| The task |
Please reproduce the data below exactly, from the first line to the last.

| Source records |
□ □ □ □

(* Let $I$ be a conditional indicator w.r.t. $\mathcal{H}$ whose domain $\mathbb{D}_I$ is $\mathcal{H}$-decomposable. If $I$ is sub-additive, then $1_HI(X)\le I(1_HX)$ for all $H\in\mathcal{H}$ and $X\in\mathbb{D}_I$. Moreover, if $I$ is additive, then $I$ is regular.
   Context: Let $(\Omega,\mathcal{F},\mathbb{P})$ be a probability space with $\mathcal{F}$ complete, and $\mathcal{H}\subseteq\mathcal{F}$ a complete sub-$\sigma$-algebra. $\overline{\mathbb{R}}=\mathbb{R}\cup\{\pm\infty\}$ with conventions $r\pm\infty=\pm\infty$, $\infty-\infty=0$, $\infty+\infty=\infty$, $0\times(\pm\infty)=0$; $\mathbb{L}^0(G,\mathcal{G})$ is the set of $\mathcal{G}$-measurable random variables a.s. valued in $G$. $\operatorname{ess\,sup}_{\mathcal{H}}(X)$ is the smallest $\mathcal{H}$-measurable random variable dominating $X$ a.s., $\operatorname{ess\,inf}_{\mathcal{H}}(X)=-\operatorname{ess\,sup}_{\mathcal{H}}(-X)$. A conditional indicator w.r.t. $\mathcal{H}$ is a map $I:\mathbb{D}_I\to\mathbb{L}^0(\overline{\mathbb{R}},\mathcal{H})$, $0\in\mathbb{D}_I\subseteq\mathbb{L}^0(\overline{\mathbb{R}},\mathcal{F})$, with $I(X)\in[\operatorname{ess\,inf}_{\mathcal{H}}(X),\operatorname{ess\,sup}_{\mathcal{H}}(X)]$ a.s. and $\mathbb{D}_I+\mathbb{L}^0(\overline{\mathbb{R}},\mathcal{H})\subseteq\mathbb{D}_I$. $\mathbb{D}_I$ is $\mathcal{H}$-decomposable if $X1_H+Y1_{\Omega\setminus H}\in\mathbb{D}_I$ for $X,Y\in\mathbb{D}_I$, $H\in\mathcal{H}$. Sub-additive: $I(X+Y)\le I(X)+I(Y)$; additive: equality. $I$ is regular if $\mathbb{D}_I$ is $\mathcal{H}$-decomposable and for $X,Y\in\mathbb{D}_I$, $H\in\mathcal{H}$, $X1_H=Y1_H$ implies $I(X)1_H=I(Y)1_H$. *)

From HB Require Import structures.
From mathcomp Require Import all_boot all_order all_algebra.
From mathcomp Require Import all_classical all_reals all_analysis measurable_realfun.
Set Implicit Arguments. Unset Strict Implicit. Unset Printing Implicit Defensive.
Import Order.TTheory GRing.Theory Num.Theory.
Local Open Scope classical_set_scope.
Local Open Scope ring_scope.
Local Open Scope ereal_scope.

□ □ □ □

| Solved exercise |
(* Let $I$ be a conditional indicator w.r.t. $\mathcal{H}$ whose domain $\mathbb{D}_I$ is $\mathcal{H}$-decomposable. If $I$ is sub-additive, then $1_HI(X)\le I(1_HX)$ for all $H\in\mathcal{H}$ and $X\in\mathbb{D}_I$. Moreover, if $I$ is additive, then $I$ is regular.
   Context: Let $(\Omega,\mathcal{F},\mathbb{P})$ be a probability space with $\mathcal{F}$ complete, and $\mathcal{H}\subseteq\mathcal{F}$ a complete sub-$\sigma$-algebra. $\overline{\mathbb{R}}=\mathbb{R}\cup\{\pm\infty\}$ with conventions $r\pm\infty=\pm\infty$, $\infty-\infty=0$, $\infty+\infty=\infty$, $0\times(\pm\infty)=0$; $\mathbb{L}^0(G,\mathcal{G})$ is the set of $\mathcal{G}$-measurable random variables a.s. valued in $G$. $\operatorname{ess\,sup}_{\mathcal{H}}(X)$ is the smallest $\mathcal{H}$-measurable random variable dominating $X$ a.s., $\operatorname{ess\,inf}_{\mathcal{H}}(X)=-\operatorname{ess\,sup}_{\mathcal{H}}(-X)$. A conditional indicator w.r.t. $\mathcal{H}$ is a map $I:\mathbb{D}_I\to\mathbb{L}^0(\overline{\mathbb{R}},\mathcal{H})$, $0\in\mathbb{D}_I\subseteq\mathbb{L}^0(\overline{\mathbb{R}},\mathcal{F})$, with $I(X)\in[\operatorname{ess\,inf}_{\mathcal{H}}(X),\operatorname{ess\,sup}_{\mathcal{H}}(X)]$ a.s. and $\mathbb{D}_I+\mathbb{L}^0(\overline{\mathbb{R}},\mathcal{H})\subseteq\mathbb{D}_I$. $\mathbb{D}_I$ is $\mathcal{H}$-decomposable if $X1_H+Y1_{\Omega\setminus H}\in\mathbb{D}_I$ for $X,Y\in\mathbb{D}_I$, $H\in\mathcal{H}$. Sub-additive: $I(X+Y)\le I(X)+I(Y)$; additive: equality. $I$ is regular if $\mathbb{D}_I$ is $\mathcal{H}$-decomposable and for $X,Y\in\mathbb{D}_I$, $H\in\mathcal{H}$, $X1_H=Y1_H$ implies $I(X)1_H=I(Y)1_H$. *)

From HB Require Import structures.
From mathcomp Require Import all_boot all_order all_algebra.
From mathcomp Require Import all_classical all_reals all_analysis measurable_realfun.
Set Implicit Arguments. Unset Strict Implicit. Unset Printing Implicit Defensive.
Import Order.TTheory GRing.Theory Num.Theory.
Local Open Scope classical_set_scope.
Local Open Scope ring_scope.
Local Open Scope ereal_scope.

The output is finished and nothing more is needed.